Existem algumas posições dentro do movimento estudantil que são extremamente problemáticas e que acabam desarmando os estudantes. Um caso que pode ser utilizado como exemplo é o da juventude da Revolução Brasileira, do PSOL, apesar de existirem outros. Na nota de posição lançada pela juventude fica evidente a posição retraída de aceitar o EaD, desde que, é claro, esse EaD sirva para discutir os problemas nacionais e a revolução brasileira, em prol da reforma universitária. Vinculam uma pauta avançada, extremamente abstrata, com uma posição reacionária. É dessa forma que age o oportunismo, nos fazendo crer que desta forma estaríamos avançando em direção de algo positivo quando na verdade se trata de uma política, que na prática, é conservadora e reacionária, e portanto um retrocesso. Os efeitos disso nos movimentos não podem ser mais deletérios. Poderíamos perguntar a essa juventude porque o momento de discutir a reforma universitária é este, no meio de uma pandemia, com implementação de EaD, e não durante a grande greve que os estudantes da UFSC encamparam ano passado, na qual essa juventude atuou decididamente para pôr fim.
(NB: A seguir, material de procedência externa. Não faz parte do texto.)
(* L_s f (z) = sum_{b in B} |z+b|^{-2s} f(theta_b z), B = range beta *)
Definition Ls (beta : nat -> C) (s : R) (f : C -> C) (z : C) : C :=
  CSeries (fun n => Cmult (RtoC (wgt s z (beta n))) (f (theta (beta n) z))).

Definition LsRa (beta : nat -> C) (s Rad alpha : R) (f : C -> C) (z : C) : C :=
  Cplus
    (CSeries (fun n => if Rle_dec (Cmod (beta n)) Rad
                       then Cmult (RtoC (wgt s z (beta n))) (f (theta (beta n) z))
                       else RtoC 0))
    (Cmult (RtoC alpha) (f (RtoC 0))).

Definition tail_sum (beta : nat -> C) (s Rad : R) (v : C -> R) (z : C) : R :=
  Series (fun n => if Rlt_dec Rad (Cmod (beta n))
                   then wgt s z (beta n) * v (theta (beta n) z) else 0).

From Stdlib Require Import Reals Lra Lia.
From Coquelicot Require Import Coquelicot.
From Stdlib Require Import Classical IndefiniteDescription List FunctionalExtensionality.
Local Open Scope R_scope.

(* Write lam for the eigenvalue of v.  All three operators have the form
   L_{sel,al} f = (sum over the selected b of |z+b|^{-2s} f(theta_b z)) + al f(0),
   which is positive.  For such an operator, bounds lo v <= L v <= hi v propagate to the
   iterates, and since v lies between two positive constants on the compact set cl H,
   ||L^k|| is squeezed between constant multiples of lo^k and hi^k; hence
   lo <= r(L) <= hi.  For L_s we get lo = hi = lam.  For L_{s,R,al},
   L v = lam v - (tail sum over B'_R) + al v(0), so the hypothesis on the tail gives
   L_{s,R,delta} v >= lam v and L_{s,R,eta} v <= lam v.  The series converge because
   theta_b maps cl H into the closed disc cl G_gamma, which lies in cl H, and there the
   weights are bounded by a fixed multiple of |b|^{-2s}. *)

Lemma Rabs_fst_le_Cmod (z : C) : Rabs (fst z) <= Cmod z.
Proof. exact (re_le_Cmod z). Qed.

Lemma Rabs_snd_le_Cmod (z : C) : Rabs (snd z) <= Cmod z.
Proof. pose proof (Rmax_Cmod z); pose proof (Rmax_r (Rabs (fst z)) (Rabs (snd z))); lra. Qed.

Lemma Cmod_real (z : C) : snd z = 0 -> Cmod z = Rabs (fst z).
Proof. destruct z as [x y]; simpl; intros ->. apply Cmod_R. Qed.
Nós, que defendemos uma universidade pública com autonomia substantiva, teremos que pensar nas consequências que a decisão de implantar o EaD nas universidades trará. Não temos dúvidas que uma decisão como esta, sem a devida reflexão sobre as especificidades dos cursos acarretará em aumento da desigualdade entre ás áreas de conhecimento. Cursos com mais atividades práticas serão mais prejudicados, terão turmas mais cheias em laboratórios, viagens de campo prejudicadas. Esses cursos mais prejudicados terão que receber suporte no futuro, é impensável que, por exemplo, as matrizes orçamentárias entre os cursos permaneçam as mesmas, ou que as alocações de contratação professores permaneçam como estão. Esses cursos precisarão de mais professores, de mais recursos para a compra de equipamentos, reagentes, materiais.
Amanhã a decisão sobre o Ensino à Distância passará pelo Conselho Universitário da UFSC. O reitor, que montou vários comitês, anunciou antes da votação no CUn que a universidade está trabalhando pela adoção do Ensino à Distância, e é provável que o conselho aprove o EaD na UFSC.